Betwixt and between
For young women in Baghdad, it's a disorienting time to be a teen
No longer able to go shopping or swimming, or while away the hours gossiping with her housebound friends because the telephone broke, Qitaf has grown bored, listless, and resentful of America's promises of freedom and democracy. "Before the war, I used to wish that Iraq would be more open, that we would have satellite TV and mobile phones. Now we have them, and the sacrifice is not worth it," she says pointedly. "I used to struggle to make my dreams come true. Now I have to struggle to have a dream."
Family secrets. Though officially secular, with a significant number of women enrolled in colleges and filling the secretarial ranks of ministry buildings, Iraqi society at large is in fact fiercely conservative and especially protective of the virtue of its daughters. Doctors say that after a young woman is kidnapped, the first order of business upon her return is a visit to the hospital to check that her virginity is still intact. As rumors of rape and shamed families fleeing abroad are whispered by fathers in smoke-filled coffee shops or recounted by scared mothers in hushed phone conversations, young girls are increasingly being tucked away behind tall fences, drawn curtains, tinted windows, and black veils.
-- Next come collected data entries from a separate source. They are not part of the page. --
Definition triA : R[i] := (0 +i* 0)%C.
Definition triB : R[i] := (1 +i* 0)%C.
Definition triC : R[i] := (2^-1 +i* (sqrt3 / 2))%C.
Definition triangle : seq R[i] := [:: triA; triB; triC].

Lemma cmod_triAB : cmod (triA - triB) = 1.
Proof. by rewrite cmodB; apply: eq_sqrtr; [lra | ring]. Qed.

Lemma cmod_triangle_le1 u v : u \in triangle -> v \in triangle -> cmod (u - v) <= 1.
Proof.
have sq3 := sqrt3_sq.
have dist_le1 (x y : R) : x ^+ 2 + y ^+ 2 <= 1 -> Num.sqrt (x ^+ 2 + y ^+ 2) <= 1.
  by move=> xy1; rewrite -sqrtr1 ler_sqrt.
by rewrite !inE => /or3P[] /eqP-> /or3P[] /eqP->; rewrite cmodB; apply: dist_le1; nra.
Qed.

Definition tri_dist (P Q : R) (z : R[i]) : R :=
  P * cmod (triA - z) + P * cmod (triB - z) + Q * cmod (triC - z).

(* Q^2 <= 3 P^2 says that the weighted Fermat point lies in the triangle. *)
Definition fermat_admissible (P Q : R) := [/\ 0 < P, 0 <= Q & Q ^+ 2 <= 3 * P ^+ 2].

Definition tri_dist_min (P Q : R) : R := Num.sqrt (4 * P ^+ 2 - Q ^+ 2) / 2 + Q * sqrt3 / 2.
Definition fermat_point (P Q : R) : R[i] :=
  (2^-1 +i* (Q / (2 * Num.sqrt (4 * P ^+ 2 - Q ^+ 2))))%C.

Lemma fermat_sqrt_spec P Q : fermat_admissible P Q ->
  0 < Num.sqrt (4 * P ^+ 2 - Q ^+ 2) /\
  Num.sqrt (4 * P ^+ 2 - Q ^+ 2) ^+ 2 = 4 * P ^+ 2 - Q ^+ 2.
Proof.
case=> P0 _ QP; have PQ : 0 < 4 * P ^+ 2 - Q ^+ 2 by nra.
by rewrite sqrtr_gt0 sqr_sqrtr // ltW.
Qed.

Lemma tri_dist_min_gt0 P Q : fermat_admissible P Q -> 0 < tri_dist_min P Q.
Proof.
move=> PQ; have [S0 _] := fermat_sqrt_spec PQ; case: PQ => _ Q0 _.
by have := sqrt3_gt0; rewrite /tri_dist_min; nra.
Qed.
(* Project onto the unit vector along the displacement and use the scalar mean value theorem. *)
Lemma planar_MVT (x y dx dy : R -> R) a b M : a <= b -> 0 <= M ->
  (forall s, a <= s <= b -> is_derive x s (dx s)) ->
  (forall s, a <= s <= b -> is_derive y s (dy s)) ->
  (forall s, a < s < b -> dx s ^ 2 + dy s ^ 2 <= M ^ 2) ->
  sqrt ((x b - x a) ^ 2 + (y b - y a) ^ 2) <= M * (b - a).
Proof.
  intros Hab HM Hx Hy Hd.
  set (d := sqrt ((x b - x a) ^ 2 + (y b - y a) ^ 2)).
  assert (Hsq : 0 <= (x b - x a) ^ 2 + (y b - y a) ^ 2)
    by (apply Rplus_le_le_0_compat; apply pow2_ge_0).
  assert (Hd2 : d ^ 2 = (x b - x a) ^ 2 + (y b - y a) ^ 2) by (apply pow2_sqrt, Hsq).
  destruct (Req_dec d 0) as [E|Hne]; [rewrite E; nra|].
  assert (Hdp : 0 < d) by (assert (0 <= d) by apply sqrt_pos; lra).
  set (u1 := (x b - x a) / d). set (u2 := (y b - y a) / d).
  assert (Hu : u1 ^ 2 + u2 ^ 2 = 1).
  { unfold u1, u2.
    replace (((x b - x a) / d) ^ 2 + ((y b - y a) / d) ^ 2)
      with (((x b - x a) ^ 2 + (y b - y a) ^ 2) / d ^ 2) by (field; lra).
    rewrite <- Hd2. field; lra. }
  replace d with ((u1 * x b + u2 * y b) - (u1 * x a + u2 * y a)).
  2: { unfold u1, u2.
       replace ((x b - x a) / d * x b + (y b - y a) / d * y b
                - ((x b - x a) / d * x a + (y b - y a) / d * y a))
         with (((x b - x a) ^ 2 + (y b - y a) ^ 2) / d) by (field; lra).
       rewrite <- Hd2. field; lra. }
  apply (MVT_le (fun s => u1 * x s + u2 * y s) (fun s => u1 * dx s + u2 * dy s)); auto.
  - intros s Hs. apply is_derive_Rplus; apply (is_derive_scal (fun s => _)); auto.
  - intros s Hs. apply Rle_trans with (Rabs (u1 * dx s + u2 * dy s)); [apply Rle_abs|].
    apply Rabs_le_of_sqr; auto. specialize (Hd s Hs).
    pose proof (pow2_ge_0 (u1 * dy s - u2 * dx s)). nra.
Qed.

(* Pointwise AM-GM [|f| <= mu/2 + f^2/(2 mu)] with the optimal [mu]. *)
Lemma RInt_abs_le_sqrt (f : R -> R) a b B : a <= b -> 0 < B ->
  ex_RInt f a b -> ex_RInt (fun v => f v ^ 2) a b -> ex_RInt (fun v => Rabs (f v)) a b ->
  RInt (fun v => f v ^ 2) a b <= B ->
  RInt (fun v => Rabs (f v)) a b <= sqrt ((b - a) * B).
Proof.
  intros Hab HB E1 E2 E3 Hint. destruct (Req_dec a b) as [<-|Hne].
  { rewrite RInt_point. apply sqrt_pos. }
  set (r := sqrt ((b - a) * B)).
  assert (Hr : 0 < r) by (apply sqrt_lt_R0; apply Rmult_lt_0_compat; lra).
  assert (Hr2 : r * r = (b - a) * B) by (apply sqrt_sqrt; nra).
  set (mu := r / (b - a)).
  assert (Hmu : 0 < mu) by (apply Rdiv_lt_0_compat; lra).
  assert (H : RInt (fun v => Rabs (f v)) a b <= RInt (fun v => mu / 2 + / (2 * mu) * f v ^ 2) a b).
  { apply RInt_Rle; auto.
    { apply ex_RInt_Rplus; [apply ex_RInt_const | apply ex_RInt_Rscal, E2]. }
    intros x _. rewrite <- (pow2_abs (f x)).
    pose proof (pow2_ge_0 (Rabs (f x) - mu)).
    apply Rmult_le_reg_l with (2 * mu); [lra|].
    replace (2 * mu * (mu / 2 + / (2 * mu) * Rabs (f x) ^ 2)) with (mu * mu + Rabs (f x) ^ 2)
      by (field; lra).
    nra. }
  rewrite RInt_Rplus, RInt_Rconst, RInt_Rscal in H;
    [| exact E2 | apply ex_RInt_const | apply ex_RInt_Rscal, E2].
  assert (/ (2 * mu) * RInt (fun v => f v ^ 2) a b <= / (2 * mu) * B)
    by (apply Rmult_le_compat_l; [left; apply Rinv_0_lt_compat; lra | exact Hint]).
  assert (E : (b - a) * (mu / 2) + / (2 * mu) * B = r).
  { replace B with (r * r / (b - a)) by (rewrite Hr2; field; lra).
    unfold mu. field. split; lra. }
  lra.
Qed.

Lemma ex_RInt_of_continuous (g : R -> R) a b : (forall s, continuous g s) -> ex_RInt g a b.
Proof. intros Hg. apply (@ex_RInt_continuous R_CompleteNormedModule). intros; apply Hg. Qed.

Section ZeroEndsPrimitive.
Variables (f h : R -> R) (C p : R).
Hypothesis Hp : 0 < p.
Hypothesis Hf : forall s, is_derive f s (C + h s).
Hypothesis Hh : forall s, continuous h s.
Hypothesis Hf0 : f 0 = 0.
Hypothesis Hfp : f p = 0.

Lemma zero_ends_primitive s : f s = s * C + RInt h 0 s.
Proof.
  assert (H := is_RInt_derive f (fun v => C + h v) 0 s (fun v _ => Hf v)).
  apply is_RInt_unique in H.
  - rewrite RInt_Rplus, RInt_Rconst in H; [|apply ex_RInt_const|apply ex_RInt_of_continuous, Hh].
    change (minus (f s) (f 0)) with (f s - f 0) in H. rewrite Hf0 in H. lra.
  - intros v _. apply (continuous_plus (fun _ => C) h); [apply continuous_const | apply Hh].
Qed.

Lemma zero_ends_slope : C = - RInt h 0 p / p.
Proof. pose proof (zero_ends_primitive p) as E. rewrite Hfp in E. field_simplify_eq; lra. Qed.

Lemma zero_ends_abs_le s : 0 <= s <= p -> Rabs (f s) <= 2 * RInt (fun v => Rabs (h v)) 0 p.
Proof.
  intros Hs.
  assert (Habs : forall u v, ex_RInt (fun w => Rabs (h w)) u v)
    by (intros; apply ex_RInt_of_continuous; intros; apply continuous_Rabs_comp, Hh).
  assert (Hint : forall u, 0 <= u <= p -> Rabs (RInt h 0 u) <= RInt (fun v => Rabs (h v)) 0 p).
  { intros u Hu. eapply Rle_trans; [apply abs_RInt_le; [lra | apply ex_RInt_of_continuous, Hh]|].
    apply RInt_Rle_sub; auto; try lra. intros; apply Rabs_pos. }
  rewrite zero_ends_primitive, zero_ends_slope.
  replace (s * (- RInt h 0 p / p)) with (- (s / p * RInt h 0 p)) by (field; lra).
  assert (Hsp : 0 <= s / p <= 1).
  { split; [apply Rdiv_le_0_compat; lra|].
    apply Rmult_le_reg_r with p; [lra|]. unfold Rdiv. rewrite Rmult_assoc, Rinv_l; lra. }
  eapply Rle_trans; [apply Rabs_triang|]. rewrite Rabs_Ropp, Rabs_mult, (Rabs_right (s / p)) by lra.
  pose proof (Hint s Hs). pose proof (Hint p ltac:(lra)). pose proof (Rabs_pos (RInt h 0 p)).
  nra.
Qed.

End ZeroEndsPrimitive.

(* [sqrt (G + y^2)] grows at rate at most [K]; then let [y -> 0]. *)
Lemma sqrt_growth_le (G dG : R -> R) a b K : a <= b -> 0 < K ->
  (forall T, a <= T <= b -> is_derive G T (dG T)) ->
  (forall T, a <= T <= b -> 0 <= G T) -> G a = 0 ->
  (forall T lam, a < T < b -> 0 < lam -> dG T <= lam * G T + K ^ 2 / lam) ->
  G b <= (K * (b - a)) ^ 2.
Proof.
  intros Hab HK HdG HG0 Ha Hd.
  set (M := K * (b - a)). assert (HM : 0 <= M) by (unfold M; nra).
  assert (Hroot : forall y, 0 < y -> sqrt (G b + y ^ 2) <= y + M).
  { intros y Hy.
    enough (sqrt (G b + y ^ 2) - sqrt (G a + y ^ 2) <= M)
      by (rewrite Ha, Rplus_0_l, sqrt_pow2 in H; lra).
    apply (MVT_le (fun T => sqrt (G T + y ^ 2)) (fun T => dG T / (2 * sqrt (G T + y ^ 2)))); auto.
    - intros T HT. rewrite <- (Rplus_0_r (dG T)).
      apply (is_derive_sqrt (fun T => G T + y ^ 2)).
      + apply is_derive_Rplus; [apply HdG, HT | apply is_derive_Rconst].
      + pose proof (HG0 T HT). nra.
    - intros T HT. pose proof (HG0 T ltac:(lra)) as HGT.
      set (s := sqrt (G T + y ^ 2)).
      assert (Hs : 0 < s) by (apply sqrt_lt_R0; nra).
      assert (Hs2 : s * s = G T + y ^ 2) by (apply sqrt_sqrt; nra).
      specialize (Hd T (K / s) HT (Rdiv_lt_0_compat _ _ HK Hs)).
      replace (K ^ 2 / (K / s)) with (K * s) in Hd by (field; lra).
      assert (K / s * G T <= K * s).
      { apply Rmult_le_reg_l with s; [lra|].
        replace (s * (K / s * G T)) with (K * G T) by (field; lra). nra. }
      apply Rmult_le_reg_r with (2 * s); [lra|].
      replace (dG T / (2 * s) * (2 * s)) with (dG T) by (field; lra). lra. }
  apply Rle_plus_epsilon. intros e He.
  set (y := e / (1 + 2 * M)). assert (Hy : 0 < y) by (apply Rdiv_lt_0_compat; lra).
  assert (Hye : y * (1 + 2 * M) = e) by (unfold y; field; lra).
  assert (H2 : G b + y ^ 2 <= (y + M) ^ 2).
  { rewrite <- (pow2_sqrt (G b + y ^ 2)) by (pose proof (HG0 b ltac:(lra)); nra).
    apply pow_incr. split; [apply sqrt_pos | apply Hroot, Hy]. }
  nra.
Qed.

Lemma is_derive_eq_fun (g1 g2 : R -> R) x l1 l2 :
  (forall y, g1 y = g2 y) -> is_derive g1 x l1 -> is_derive g2 x l2 -> l1 = l2.
Proof.
  intros E H1 H2. rewrite <- (is_derive_unique g2 x l1), (is_derive_unique g2 x l2); auto.
  apply (is_derive_ext g1); auto.
Qed.

Lemma is_derive_periodic (g : R -> R) p s l l' :
  (forall v, g (v + p) = g v) -> is_derive g (s + p) l -> is_derive g s l' -> l = l'.
Proof.
  intros Hg Hl Hl'. apply (is_derive_eq_fun (fun v => g (v + p)) g s); auto.
  replace l with (scal 1 l) by (change (1 * l = l); ring).
  apply (is_derive_comp g (fun v => v + p)); auto.
  auto_derive; auto.
Qed.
Because of continuing violence, the Ministry of Education has postponed the start of this year's classes until mid-October. Meanwhile, after whole sections of textbooks were ripped out in a de-Saddamification frenzy, the question of what and how to teach the next generation has not been answered. Only English and history books have been reprinted, but they are missing crucial chunks of Iraqi history, like the Iran-Iraq War and the invasion of Kuwait in the Gulf War.
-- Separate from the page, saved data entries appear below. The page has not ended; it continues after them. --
Lemma mv_nonneg n A x i : mnonneg n A -> vle n vzero x -> (i < n)%nat -> 0 <= mv n A x i.
Proof.
  intros HA Hx Hi. apply vsum_nonneg. intros j Hj.
  apply Rmult_le_pos; [apply HA; assumption | exact (Hx j Hj)].
Qed.

Lemma mv_mono n A x y i : mnonneg n A -> vle n x y -> (i < n)%nat -> mv n A x i <= mv n A y i.
Proof.
  intros HA H Hi. pose proof (mv_nonneg n A (vsub y x) i HA (vle_vsub n x y H) Hi).
  rewrite mv_vsub in *. lra.
Qed.

Lemma bil_ext n B x x' y y' i : veq n x x' -> veq n y y' -> bil n B x y i = bil n B x' y' i.
Proof.
  intros Hx Hy. apply vsum_ext. intros j Hj. apply vsum_ext. intros k Hk.
  rewrite Hx, Hy by assumption. reflexivity.
Qed.

Lemma bil_vsub_l n B x x' y i : bil n B (vsub x x') y i = bil n B x y i - bil n B x' y i.
Proof.
  unfold bil, vsub. rewrite <- vsum_sub. apply vsum_ext. intros j _.
  rewrite <- vsum_sub. apply vsum_ext. intros; ring.
Qed.

Lemma bil_vsub_r n B x y y' i : bil n B x (vsub y y') i = bil n B x y i - bil n B x y' i.
Proof.
  unfold bil, vsub. rewrite <- vsum_sub. apply vsum_ext. intros j _.
  rewrite <- vsum_sub. apply vsum_ext. intros; ring.
Qed.

Lemma bil_tadd n B1 B2 x y i : bil n (tadd B1 B2) x y i = bil n B1 x y i + bil n B2 x y i.
Proof.
  unfold bil, tadd. rewrite <- vsum_add. apply vsum_ext. intros j _.
  rewrite <- vsum_add. apply vsum_ext. intros; ring.
Qed.

Lemma mv_bil_r n B x y i : mv n (bil_r n B y) x i = bil n B x y i.
Proof.
  apply vsum_ext. intros j _. unfold bil_r. rewrite <- vsum_scal_r.
  apply vsum_ext. intros; ring.
Qed.

Lemma bil_nonneg_tadd n B1 B2 :
  bil_nonneg n B1 -> bil_nonneg n B2 -> bil_nonneg n (tadd B1 B2).
Proof.
  intros H1 H2 x y Hx Hy i Hi. pose proof (H1 x y Hx Hy i Hi). pose proof (H2 x y Hx Hy i Hi).
  unfold vzero in *. rewrite bil_tadd. lra.
Qed.

Lemma bil_mono n B x x' y y' i :
  bil_nonneg n B -> vle n vzero x -> vle n x x' -> vle n vzero y -> vle n y y' ->
  (i < n)%nat -> bil n B x y i <= bil n B x' y' i.
Proof.
  intros HB Hx Hxx Hy Hyy Hi.
  pose proof (HB (vsub x' x) y' (vle_vsub n x x' Hxx) (vle_trans n _ _ _ Hy Hyy) i Hi).
  pose proof (HB x (vsub y' y) Hx (vle_vsub n y y' Hyy) i Hi).
  unfold vzero in *. rewrite bil_vsub_l in *. rewrite bil_vsub_r in *. lra.
Qed.

Definition evec (j : nat) : vec := fun l => if Nat.eqb l j then 1 else 0.

Lemma evec_nonneg n j : vle n vzero (evec j).
Proof. intros l _. unfold evec, vzero. destruct (Nat.eqb l j); lra. Qed.

Lemma bil_coef_nonneg n B i j k :
  bil_nonneg n B -> (i < n)%nat -> (j < n)%nat -> (k < n)%nat -> 0 <= B i j k.
Proof.
  intros HB Hi Hj Hk.
  pose proof (HB (evec j) (evec k) (evec_nonneg n j) (evec_nonneg n k) i Hi) as H.
  unfold bil, vzero, evec in H.
  rewrite (vsum_ext n _ (fun l => B i l k * (if Nat.eqb l j then 1 else 0))) in H.
  - rewrite (vsum_delta n (fun l => B i l k) j Hj) in H. exact H.
  - intros l _. rewrite <- (vsum_delta n (fun p => B i l p * (if Nat.eqb l j then 1 else 0)) k Hk).
    apply vsum_ext. intros; ring.
Qed.

Lemma Fmap_ext n M a B x y i : veq n x y -> Fmap n M a B x i = Fmap n M a B y i.
Proof.
  intros H. unfold Fmap, vsub. rewrite (mv_ext n M x y i H), (bil_ext n B x y x y i H H).
  reflexivity.
Qed.

(* Eliminate the last unknown [m] with the pivot row [r]; [tau] moves the last
   row into the slot of [r]. *)
Lemma gauss_step m (A : mat) r (c x' : vec) :
  (r < S m)%nat -> A r m <> 0 ->
  let tau := fun i => if Nat.eqb i r then m else i in
  veq m (mv m (fun i j => A (tau i) j - A (tau i) m * A r j / A r m) x')
        (fun i => c (tau i) - A (tau i) m * c r / A r m) ->
  veq (S m) (mv (S m) A (fun j => if Nat.eqb j m
                                  then (c r - vsum m (fun j => A r j * x' j)) / A r m
                                  else x' j)) c.
Proof.
  intros Hr Hp tau Hx i Hi. unfold mv. simpl. rewrite Nat.eqb_refl.
  rewrite (vsum_ext m _ (fun j => A i j * x' j))
    by (intros j Hj; destruct (Nat.eqb_spec j m); [lia | reflexivity]).
  destruct (Nat.eq_dec i r) as [->|Hir]; [field; exact Hp|].
  assert (Htau : exists i', (i' < m)%nat /\ tau i' = i).
  { unfold tau. destruct (Nat.eq_dec i m) as [->|Him].
    - exists r. split; [lia | now rewrite Nat.eqb_refl].
    - exists i. split; [lia|]. destruct (Nat.eqb_spec i r); [lia | reflexivity]. }
  destruct Htau as [i' [Hi' Ht]].
  specialize (Hx i' Hi'). unfold mv in Hx.
  rewrite (vsum_ext m _ (fun j => A (tau i') j * x' j - A (tau i') m / A r m * (A r j * x' j)))
    in Hx by (intros; field; exact Hp).
  rewrite vsum_sub, vsum_scal_l, Ht in Hx.
  replace (vsum m (fun j => A i j * x' j))
    with (c i - A i m * c r / A r m + A i m / A r m * vsum m (fun j => A r j * x' j)) by lra.
  field. exact Hp.
Qed.

Lemma solvable_or_singular n (A : mat) (c : vec) :
  (exists x, veq n (mv n A x) c) \/
  (exists x, veq n (mv n A x) vzero /\ exists i, (i < n)%nat /\ x i <> 0).
Proof.
  revert A c. induction n as [|m IH]; intros A c.
  - left. exists vzero. intros i Hi. lia.
  - destruct (classic (exists r, (r < S m)%nat /\ A r m <> 0)) as [[r [Hr Hp]]|Hno].
    + set (tau := fun i => if Nat.eqb i r then m else i).
      destruct (IH (fun i j => A (tau i) j - A (tau i) m * A r j / A r m)
                   (fun i => c (tau i) - A (tau i) m * c r / A r m))
        as [[x' Hx']|[x' [Hx' [i' [Hi' Hne]]]]].
      * left. eexists. exact (gauss_step m A r c x' Hr Hp Hx').
      * right. eexists. split.
        -- apply (gauss_step m A r vzero x' Hr Hp). intros i Hi.
           rewrite Hx' by exact Hi. unfold vzero. field. exact Hp.
        -- exists i'. split; [lia|]. destruct (Nat.eqb_spec i' m); [lia | exact Hne].
    + right. exists (evec m). split.
      * intros i Hi. unfold mv, evec. rewrite (vsum_delta (S m) (fun l => A i l) m) by lia.
        destruct (Req_dec (A i m) 0) as [|Hne]; [assumption|].
        exfalso. apply Hno. exists i. auto.
      * exists m. split; [lia|]. unfold evec. rewrite Nat.eqb_refl. lra.
Qed.

Lemma nonsingular_solvable n A : nonsingular n A -> forall c, exists x, veq n (mv n A x) c.
Proof.
  intros H c. destruct (solvable_or_singular n A c) as [|[x [Hx [i [Hi Hne]]]]]; [assumption|].
  exfalso. apply Hne. exact (H x Hx i Hi).
Qed.

Definition solve n (A : mat) (c : vec) : vec :=
  epsilon (inhabits vzero) (fun z => veq n (mv n A z) c).

Lemma solve_spec n A c : nonsingular n A -> veq n (mv n A (solve n A c)) c.
Proof.
  intros H. apply (epsilon_spec (inhabits vzero) (fun z => veq n (mv n A z) c)).
  apply nonsingular_solvable, H.
Qed.

Definition Zmat n (A : mat) : Prop :=
  forall i j, (i < n)%nat -> (j < n)%nat -> i <> j -> A i j <= 0.

Definition monotone n (A : mat) : Prop :=
  forall y, vle n vzero (mv n A y) -> vle n vzero y.

Lemma is_M_matrix_Zmat n A : is_M_matrix n A -> Zmat n A.
Proof.
  intros [s [P [HP [_ HA]]]] i j Hi Hj Hij. rewrite HA by assumption.
  unfold msub, scal_id. destruct (Nat.eqb_spec i j); [contradiction|].
  specialize (HP i j Hi Hj). lra.
Qed.

Lemma monotone_le n A x y :
  monotone n A -> (forall i, (i < n)%nat -> mv n A x i <= mv n A y i) -> vle n x y.
Proof.
  intros HA H i Hi.
  assert (Hyx : vle n vzero (vsub y x)).
  { apply HA. intros j Hj. rewrite mv_vsub. specialize (H j Hj). unfold vzero. lra. }
  specialize (Hyx i Hi). unfold vsub, vzero in Hyx. lra.
Qed.

Lemma monotone_nonsingular n A : monotone n A -> nonsingular n A.
Proof.
  intros HA y Hy i Hi.
  assert (H1 : vle n vzero y).
  { apply (monotone_le n A). exact HA. intros j Hj. rewrite mv_zero, Hy by exact Hj. apply Rle_refl. }
  assert (H2 : vle n y vzero).
  { apply (monotone_le n A). exact HA. intros j Hj. rewrite mv_zero, Hy by exact Hj. apply Rle_refl. }
  specialize (H1 i Hi). specialize (H2 i Hi). unfold vzero in *. lra.
Qed.

Lemma exists_argmax n (f : nat -> R) :
  (0 < n)%nat -> exists i0, (i0 < n)%nat /\ forall i, (i < n)%nat -> f i <= f i0.
Proof.
  induction n as [|n IH]; intros Hn; [lia|]. destruct n as [|n].
  - exists 0%nat. split; [lia|]. intros i Hi. replace i with 0%nat by lia. lra.
  - destruct IH as [i0 [Hi0 H]]; [lia|].
    destruct (Rle_dec (f i0) (f (S n))).
    + exists (S n). split; [lia|]. intros i Hi. destruct (Nat.eq_dec i (S n)) as [->|]; [lra|].
      specialize (H i ltac:(lia)). lra.
    + exists i0. split; [lia|]. intros i Hi. destruct (Nat.eq_dec i (S n)) as [->|]; [lra|].
      apply H. lia.
Qed.

Lemma Zmat_row_at_zero n A z i :
  Zmat n A -> vle n vzero z -> (i < n)%nat -> z i = 0 -> 0 <= mv n A z i ->
  forall j, (j < n)%nat -> A i j * z j = 0.
Proof.
  intros HA Hz Hi Hzi HAz.
  assert (Hterm : forall j, (j < n)%nat -> A i j * z j <= 0).
  { intros j Hj. destruct (Nat.eq_dec i j) as [<-|Hij]; [rewrite Hzi; lra|].
    pose proof (HA i j Hi Hj Hij). pose proof (Hz j Hj). unfold vzero in *. nra. }
  apply (vsum_nonpos_eq0 n (fun j => A i j * z j) Hterm).
  pose proof (vsum_nonpos n _ Hterm). unfold mv in HAz. lra.
Qed.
At the al-Houda secondary school for girls in Baghdad's middle-class Karrada neighborhood, headmistress Senna Naji Abbas, 50, is mindful of the pressures on teenage girls. In addition to the normal vicissitudes of raging hormones, she says, they are facing extraordinary problems--electricity shortages, school books destroyed by bombings, and deaths in the family. As a result, grades have dropped and students have dropped out. Ten percent of the school's 250 students did not register for classes in the postwar school year. "[Our] youth doesn't know what is expected of them," says Abbas. "We don't want Saddam, but we don't want the occupation forces, and this generation is paying for our indecision."
On the battleground of ideas, religious conservatism and the pressure to Islamify are waging a fierce battle against the influx of western cultural currency. In April (coincidentally, the bloodiest month since the end of combat), a troupe of clerics came to speak to Abbas's students--as they did in many schools throughout Baghdad--about morals, chastity, and the need to wear head scarves for security. They plastered the school with posters of the snowy-bearded leaders of Shiite Islam. Pointing to a placard bearing the face of Mohammed Bakr al-Hakim, one of the militant martyrs in Shiite politics, Abbas frowns: "That wasn't sanctioned by the Ministry of Education."
In Baghdad's upscale Zayona shopping district, Khadir Ali sells frilly, rhinestone-studded lingerie and a rainbow of nail polish. Even in this progressive neighborhood, few women dare to leave the house without concealing their form-fitting T-shirts and neon-colored pedal pushers underneath baggy robes and head scarves. In Ali's shop, the hijab , or head scarf, is the bestselling item. "The hijab became fashionable after the fall of the regime," he says as women rummage through a mosaic of patterned polyester. "Lots of women like to wear it."